Recent advances in networks, information and computation grids, and WWW have resulted in the proliferation of a multitude of physically distributed and autonomously developed software components and services in various domains including e-Business and e-Science. Real world applications in these domains call for effective tools for developing composite services using available sets of component services. Existing approaches to web service composition suffer from a very significant limitation in that they require the user (or service developer) to provide a specification of the desired behavior of the composite service (goal) in its entirety. More importantly, the current approaches adopt a single-step request-response paradigm to service composition. That is, if a specified goal service is unrealizable (which would be the case if the goal service specification is incomplete), the process simply fails. It is typically difficult for a developer to provide the complete goal service specification that is needed in the absence of a detailed knowledge of the specifications of the component services available. Moreover, most current approaches to service composition do not consider user preferences with regard to non-functional attributes of services (e.g., cost, performance). Against this background, our work focuses on the development of powerful interactive methods for service composition with provable guarantees with respect to user-specified functional and non-functional requirements.
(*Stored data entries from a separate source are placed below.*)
(* Let $R$ be a commutative Noetherian ring, $M$ a finitely generated $R$-module, $\mathscr{E}$ an $R$-submodule of $\mathrm{Hom}_R(M,R)$, and $S \subseteq M$ a subset. Suppose $F \subseteq \langle S\rangle$ is a free $\mathscr{E}$-summand of $M$ of rank $i$, with split surjection $\varphi: M \to F \cong R^i$ (restricting to the identity on $F$) whose coordinates lie in $\mathscr{E}$. Let $M' = \ker(\varphi)$, so $M = F \oplus M'$, let $S'$ be the projection of $S$ to $M'$ along this direct sum, and let $\mathscr{E}' = \{f|_{M'} : f \in \mathscr{E}\} \subseteq \mathrm{Hom}_R(M',R)$ be the projection of $\mathscr{E}$ to $\mathrm{Hom}_R(M',R)$. Then for all $\mathfrak{p} \in \mathrm{Spec}(R)$, $\delta^{\mathscr{E}'}_\mathfrak{p}(S',M') = \delta^{\mathscr{E}}_\mathfrak{p}(S,M) - i$.
   Context: $\langle S\rangle$ is the submodule generated by $S$. For an $R$-submodule $\mathscr{E}$ of $\mathrm{Hom}_R(M,R)$ and a prime $\mathfrak{p}$, $\mathscr{E}_\mathfrak{p}$ is viewed inside $\mathrm{Hom}_{R_\mathfrak{p}}(M_\mathfrak{p},R_\mathfrak{p})$. A free $\mathscr{E}_\mathfrak{p}$-summand of $M_\mathfrak{p}$ is a direct summand $F$ (with complement $G$) of $M_\mathfrak{p}$, $F \cong R_\mathfrak{p}^n$, such that each coordinate of the projection $M_\mathfrak{p} \to F \cong R_\mathfrak{p}^n$ along $G$ lies in $\mathscr{E}_\mathfrak{p}$; free $\mathscr{E}$-summands of $M$ are defined the same way over $R$. $\delta^{\mathscr{E}}_\mathfrak{p}(S,M)$ is the largest integer $n \ge 0$ such that there is a free $\mathscr{E}_\mathfrak{p}$-summand of $M_\mathfrak{p}$ of rank $n$ contained in $\langle S\rangle_\mathfrak{p}$. *)

From HB Require Import structures.
From mathcomp Require Import all_boot all_order all_algebra.
Set Implicit Arguments. Unset Strict Implicit. Unset Printing Implicit Defensive.
Import GRing.Theory.
Local Open Scope ring_scope.

(* Conventions: subsets are Prop-valued predicates; the localization at a
   prime p is modelled by fractions (numerator, denominator) with the usual
   equivalence relation (setoid-style, no quotient type). *)

Section RingDefs.
Variable R : comPzRingType.

Definition is_ideal (I : R -> Prop) :=
  I 0 /\ (forall x y, I x -> I y -> I (x + y)) /\ (forall a x, I x -> I (a * x)).

Definition prime_ideal (p : R -> Prop) :=
  is_ideal p /\ ~ p 1 /\ (forall a b, p (a * b) -> p a \/ p b).

Definition noetherian :=
  forall I : R -> Prop, is_ideal I ->
    exists n (g : 'I_n -> R),
      forall x, I x <-> exists c : 'I_n -> R, x = \sum_(k < n) c k * g k.
End RingDefs.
Some results of this research include:

  • Algorithms for interactive specification-driven functional assembly of composite services from a repository of available component services (Pathak et al., 2007a; 2007b; 2008)
  • Algorithms for efficient identification of feasible replacement of one or more component services of a composite service while maintaining its functionality (Pathak et al., 2007)
  • Algorithms for incorporating user preferences over non-functional attributes of a service (e.g., cost, security, reliability) in assembling a most preferred composition that achieves the user-specified functionality (Santhanam et al., 2008).